**TRY IT**
In the data below, the answer is the run of lines from the line containing "have above : forall" through the line containing "apply: (@leq_size_inj_in F);", both included; print it exactly and nothing else.

**GIVEN DATA**
....
(* For every integer $n\geq 1$, $$c_n(231,2143 : 231)=c_n(312,2143 : 312)=\begin{cases}\frac{4k^3+3k^2-k}{6}+1 & \text{if } n=2k,\\ \frac{4k^3+9k^2+5k}{6}+1 & \text{if } n=2k+1.\end{cases}$$
   Context: $S_n$ is the symmetric group on $[n]=\{1,\dots,n\}$, and a permutation $\pi\in S_n$ is written in one-line notation $\pi=\pi_1\pi_2\cdots\pi_n$ with $\pi_i=\pi(i)$. For $\tau\in S_k$, $k\le n$, $\pi$ contains $\tau$ if there are indices $i_1<\dots<i_k$ with $\pi_{i_s}>\pi_{i_t}$ iff $\tau_s>\tau_t$ for all $1\le s<t\le k$; otherwise $\pi$ avoids $\tau$. $\pi^2$ denotes the composition $\pi\circ\pi$. For patterns $\sigma_1,\sigma_2,\rho$, $c_n(\sigma_1,\sigma_2 : \rho)$ denotes the number of permutations $\pi\in S_n$ such that $\pi$ avoids both $\sigma_1$ and $\sigma_2$ and $\pi^2$ avoids $\rho$. *)

From mathcomp Require Import all_boot all_order all_fingroup.
Set Implicit Arguments. Unset Strict Implicit. Unset Printing Implicit Defensive.

(* Permutations of [n] are represented as 'S_n (permutations of 'I_n = {0..n-1});
   the one-line value pi_i (1-based) is (pi (i-1)) + 1, order-isomorphic.
   A pattern tau is given in one-line notation as a list of naturals
   tau_1 ... tau_k (1-based, as in the paper). *)

Definition contains (n : nat) (pi : 'S_n) (tau : seq nat) : bool :=
  [exists idx : {ffun 'I_(size tau) -> 'I_n},
    [forall s : 'I_(size tau), forall t : 'I_(size tau), (s < t) ==>
       ((idx s < idx t) &&
        ((pi (idx s) > pi (idx t)) == (nth 0 tau s > nth 0 tau t)))]].

Definition avoids (n : nat) (pi : 'S_n) (tau : seq nat) : bool :=
  ~~ contains pi tau.

(* c_n(sigma1, sigma2 : rho): number of pi in S_n avoiding sigma1 and sigma2
   with pi^2 = pi o pi avoiding rho. *)
Definition c_count (n : nat) (sigma1 sigma2 rho : seq nat) : nat :=
  #|[set pi : 'S_n | [&& avoids pi sigma1, avoids pi sigma2 & avoids (pi * pi)%g rho]]|.

From mathcomp Require Import all_boot all_order all_fingroup.
From mathcomp Require Import zify.
Set Implicit Arguments. Unset Strict Implicit. Unset Printing Implicit Defensive.

(* Let F be such a permutation of {0, ..., N-1}, not the identity, a its first
   moved point, M = F a > a and r = F^-1 a. Avoiding 231 makes the block
   [a, M] F-stable; avoiding 2143 as well (with the positions a, r) makes F
   the identity beyond M. Inside the block F decreases down to r. As
   F^2 r = F a = M is the maximum of the block, 231-avoidance of F^2 separates
   the values of F^2 on either side of r, which forces the values of F on
   (r, M] to be the smallest ones, in increasing order: the block reads
   M, M-1, ..., a+e+1, a, a+1, ..., a+e with e = M - r, and a + 2e < M since
   the value r is taken before position r. Conversely each such permutation
   qualifies, so c_n = 1 + #{(a, e, M) | a + 2e < M < n}, a cubic in n. The
   312 version follows by inversion. *)

Definition avoids231_on N (F : nat -> nat) := forall i j k,
  i < j -> j < k -> k < N -> F k < F i -> F i < F j -> False.

Definition avoids2143_on N (F : nat -> nat) := forall i j k l,
  i < j -> j < k -> k < l -> l < N -> F j < F i -> F i < F l -> F l < F k -> False.

Lemma eq_avoids231_on N (F G : nat -> nat) :
  (forall i, i < N -> F i = G i) -> avoids231_on N G -> avoids231_on N F.
Proof.
move=> eFG H i j k ij jk kN; rewrite !eFG; try lia; exact: H ij jk kN.
Qed.

Lemma eq_avoids2143_on N (F G : nat -> nat) :
  (forall i, i < N -> F i = G i) -> avoids2143_on N G -> avoids2143_on N F.
Proof.
move=> eFG H i j k l ij jk kl lN; rewrite !eFG; try lia; exact: H ij jk kl lN.
Qed.

Lemma leq_size_inj_in (f : nat -> nat) (s t : seq nat) :
  uniq s -> {in s &, injective f} -> (forall x, x \in s -> f x \in t) ->
  size s <= size t.
Proof.
move=> us fi st; rewrite -(size_map f); apply: uniq_leq_size.
  by rewrite map_inj_in_uniq.
by move=> _ /mapP [x xs ->]; apply: st.
Qed.

Section IncreasingOnInterval.
Variables (f : nat -> nat) (m n m' : nat).
Hypothesis f_incr : forall i j, m <= i -> i < j -> j < n -> f i < f j.
Hypothesis f_range : forall i, m <= i -> i < n -> m' <= f i < m' + (n - m).

Lemma increasing_shift i t : m <= i -> i + t < n -> f i + t <= f (i + t).
Proof.
move=> mi; elim: t => [|t IH] itn; first by rewrite !addn0.
have := @f_incr (i + t) (i + t.+1) ltac:(lia) ltac:(lia) itn.
by have := IH ltac:(lia); lia.
Qed.

Lemma increasing_interval_translation i : m <= i -> i < n -> f i = m' + (i - m).
Proof.
move=> mi iN; have := @increasing_shift i (n.-1 - i) mi ltac:(lia).
have := @increasing_shift m (i - m) (leqnn m) ltac:(lia).
rewrite subnKC // (_ : i + _ = n.-1); last by lia.
have := @f_range m (leqnn m) ltac:(lia).
by have := @f_range n.-1 ltac:(lia) ltac:(lia); lia.
Qed.
End IncreasingOnInterval.

(* On [a, M] the one-line notation of [vshape a e M] is
   M, M-1, ..., a+e+1, a, a+1, ..., a+e; it is the identity elsewhere. *)
Definition vshape (a e M i : nat) : nat :=
  if i < a then i else if i < M - e then M + a - i
  else if i <= M then a + i - (M - e) else i.

(* The square of [vshape a e M] reverses [a, a+e] and [M-e, M]. *)
Definition vshape_sq (a e M i : nat) : nat :=
  if i < a then i else if i <= a + e then a + e + a - i else if i < M - e then i
  else if i <= M then M + (M - e) - i else i.

Section VShape.
Variables (a e M : nat).
Hypothesis adm : a + e.*2 < M.

Local Notation f := (vshape a e M).

Lemma vshape_id_lt i : i < a -> f i = i.
Proof. by rewrite /vshape => ->. Qed.

Lemma vshape_dec i : a <= i -> i < M - e -> f i = M + a - i.
Proof. by move=> *; rewrite /vshape; do ! case: ifP => ?; lia. Qed.

Lemma vshape_inc i : M - e <= i -> i <= M -> f i = a + i - (M - e).
Proof. by move=> *; rewrite /vshape; do ! case: ifP => ?; lia. Qed.

Lemma vshape_id_gt i : M < i -> f i = i.
Proof. by move=> *; rewrite /vshape; do ! case: ifP => ?; lia. Qed.

Lemma vshape_sqE i : f (f i) = vshape_sq a e M i.
Proof.
rewrite /vshape_sq; case: (ltnP i a) => [ia | ai]; first by rewrite !vshape_id_lt.
case: (leqP i (a + e)) => [ie | ei].
  by rewrite (vshape_dec ai) ?vshape_inc; lia.
case: (ltnP i (M - e)) => [iMe | Mei].
  by rewrite (vshape_dec ai) // vshape_dec; lia.
case: (leqP i M) => [iM | Mi]; last by rewrite !vshape_id_gt.
by rewrite (vshape_inc Mei iM) vshape_dec; lia.
Qed.

Variable N : nat.
Hypothesis M_lt_N : M < N.

Lemma vshape_lt i : i < N -> f i < N.
Proof. by move=> iN; rewrite /vshape; do ! case: ifP => ?; lia. Qed.

Lemma vshape_inj i j : i < N -> j < N -> f i = f j -> i = j.
Proof. by move=> iN jN; rewrite /vshape; do ! case: ifP => ?; lia. Qed.

Lemma vshape_avoids231 : avoids231_on N f.
Proof. by move=> i j k ? ? ?; rewrite /vshape; do ! case: ifP => ?; lia. Qed.

Lemma vshape_avoids2143 : avoids2143_on N f.
Proof. by move=> i j k l ? ? ? ?; rewrite /vshape; do ! case: ifP => ?; lia. Qed.

Lemma vshape_sq_avoids231 : avoids231_on N (fun i => f (f i)).
Proof. by move=> i j k ? ? ?; rewrite !vshape_sqE /vshape_sq; do ! case: ifP => ?; lia. Qed.

End VShape.

Section AvoiderShape.
Variables (N : nat) (F : nat -> nat).
Hypothesis F_lt : forall x, x < N -> F x < N.
Hypothesis F_inj : forall x y, x < N -> y < N -> F x = F y -> x = y.
Hypothesis F_surj : forall v, v < N -> exists2 x, x < N & F x = v.
Hypothesis F_231 : avoids231_on N F.
Hypothesis F_2143 : avoids2143_on N F.
Hypothesis F2_231 : avoids231_on N (fun i => F (F i)).

Variables (a M r : nat).
Hypothesis a_lt_N : a < N.
Hypothesis F_fix_lt_a : forall i, i < a -> F i = i.
Hypothesis Fa_neq_a : F a != a.
Hypothesis Fa_eq_M : F a = M.
Hypothesis r_lt_N : r < N.
Hypothesis Fr_eq_a : F r = a.

Local Notation F2 i := (F (F i)).

Lemma F_neq x y : x < N -> y < N -> x != y -> F x != F y.
Proof. by move=> xN yN; apply: contra => /eqP /F_inj-> //. Qed.

Lemma ltF_by_contra x y : x < N -> y < N -> x != y -> (F y < F x -> False) ->
  F x < F y.
Proof.
move=> xN yN xy H; case: (ltngtP (F x) (F y)) => // e.
by move: xy; rewrite (F_inj xN yN e) eqxx.
Qed.

Lemma image_ge_a x : a <= x -> x < N -> a <= F x.
Proof.
move=> ax xN; rewrite leqNgt; apply/negP => Fxa.
have := F_inj (F_lt xN) xN (F_fix_lt_a Fxa); lia.
Qed.

Lemma a_lt_M : a < M.
Proof. by have := image_ge_a (leqnn a) a_lt_N; move: Fa_neq_a; rewrite Fa_eq_M; lia. Qed.

Lemma M_lt_N : M < N.
Proof. by rewrite -Fa_eq_M F_lt. Qed.

(* If F x > M for some x in (a, M], then by 231-avoidance (with the pattern
   a, x, q) all of [x, N) is mapped into (M, N), which is too small. *)
Lemma block_image_le x : a <= x <= M -> F x <= M.
Proof.
move=> /andP [ax xM]; have xN : x < N by have := M_lt_N; lia.
rewrite leqNgt; apply/negP => MFx.
have ax' : a < x by rewrite ltn_neqAle ax andbT; apply: contraTneq MFx => <-; lia.
have above : forall q, x <= q -> q < N -> M < F q.
  move=> q; rewrite leq_eqVlt => /orP [/eqP <- // | xq] qN.
  rewrite ltnNge; apply/negP => FqM.
  have Fq_neq : F q != M by rewrite -Fa_eq_M F_neq //; lia.
  by apply: (F_231 ax' xq qN); rewrite Fa_eq_M; lia.
suff : size (iota x (N - x)) <= size (iota M.+1 (N - M.+1)).
  by rewrite !size_iota; have := M_lt_N; lia.
apply: (@leq_size_inj_in F); first exact: iota_uniq.
  by move=> u v; rewrite !mem_iota => hu hv; apply: F_inj; lia.
move=> u; rewrite !mem_iota => hu.
by have := above u ltac:(lia) ltac:(lia); have := F_lt (x := u) ltac:(lia); lia.
Qed.

Lemma block_stable x : a <= x <= M -> a <= F x <= M.
Proof.
move=> xB; rewrite block_image_le // andbT; apply: image_ge_a; have := M_lt_N; lia.
Qed.

Lemma beyond_block_image_gt q : M < q -> q < N -> M < F q.
Proof.
move=> Mq qN; rewrite ltnNge; apply/negP => FqM.
have aq : a <= q by have := a_lt_M; lia.
suff : size (q :: iota a (M.+1 - a)) <= size (iota a (M.+1 - a)).
  by rewrite /= !size_iota; lia.
have inN u : u \in q :: iota a (M.+1 - a) -> u < N.
  by rewrite inE mem_iota => /orP [/eqP -> // | ]; have := M_lt_N; lia.
apply: (@leq_size_inj_in F).
- by rewrite /= iota_uniq andbT mem_iota; lia.
- by move=> u v /inN uN /inN vN; apply: F_inj.
- move=> u; rewrite inE !mem_iota => /orP [/eqP -> | uB].
  + by have := image_ge_a aq qN; lia.
  + by have := block_stable (x := u) ltac:(lia); lia.
Qed.

Lemma a_lt_r : a < r.
Proof.
rewrite ltn_neqAle; apply/andP; split.
  by apply: contra Fa_neq_a => /eqP {1}->; rewrite Fr_eq_a.
by rewrite leqNgt; apply/negP => ra; have := F_fix_lt_a ra; rewrite Fr_eq_a; lia.
Qed.

Lemma r_le_M : r <= M.
Proof.
rewrite leqNgt; apply/negP => Mr.
by have := beyond_block_image_gt Mr r_lt_N; rewrite Fr_eq_a; have := a_lt_M; lia.
Qed.

(* A descent beyond M would complete a 2143 pattern with the positions a, r. *)
Lemma beyond_block_increasing q1 q2 : M < q1 -> q1 < q2 -> q2 < N -> F q1 < F q2.
Proof.
move=> Mq1 q12 q2N; apply: ltF_by_contra; try lia; move=> F21.
have MFq2 := beyond_block_image_gt (q := q2) ltac:(lia) q2N.
have ar := a_lt_r; have rM := r_le_M; have aM := a_lt_M.
apply: (F_2143 (i := a) (j := r) (k := q1) (l := q2));
  by rewrite ?Fr_eq_a ?Fa_eq_M; lia.
Qed.

Lemma beyond_block_fixed q : M < q -> q < N -> F q = q.
Proof.
move=> Mq qN; rewrite (@increasing_interval_translation F M.+1 N M.+1) //; try lia.
  by move=> i j Mi ij jN; apply: beyond_block_increasing.
by move=> i Mi iN; have := F_lt iN; have := beyond_block_image_gt Mi iN; lia.
Qed.

Lemma F2_inj x y : x < N -> y < N -> F2 x = F2 y -> x = y.
Proof. by move=> xN yN e; apply: F_inj xN yN (F_inj (F_lt xN) (F_lt yN) e). Qed.

Lemma block_stable2 x : a <= x <= M -> a <= F2 x <= M.
Proof. by move=> xB; apply/block_stable/block_stable. Qed.

Lemma F2_lt_M x : a <= x <= M -> x != r -> F2 x < M.
Proof.
move=> xB xr; have xN : x < N by have := M_lt_N; lia.
have : F2 x != F2 r by apply: contra xr => /eqP /(F2_inj xN r_lt_N) ->.
by rewrite Fr_eq_a Fa_eq_M; have := block_stable2 xB; lia.
Qed.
....
**RESULT OF THIS TASK**
have above : forall q, x <= q -> q < N -> M < F q.
  move=> q; rewrite leq_eqVlt => /orP [/eqP <- // | xq] qN.
  rewrite ltnNge; apply/negP => FqM.
  have Fq_neq : F q != M by rewrite -Fa_eq_M F_neq //; lia.
  by apply: (F_231 ax' xq qN); rewrite Fa_eq_M; lia.
suff : size (iota x (N - x)) <= size (iota M.+1 (N - M.+1)).
  by rewrite !size_iota; have := M_lt_N; lia.
apply: (@leq_size_inj_in F); first exact: iota_uniq.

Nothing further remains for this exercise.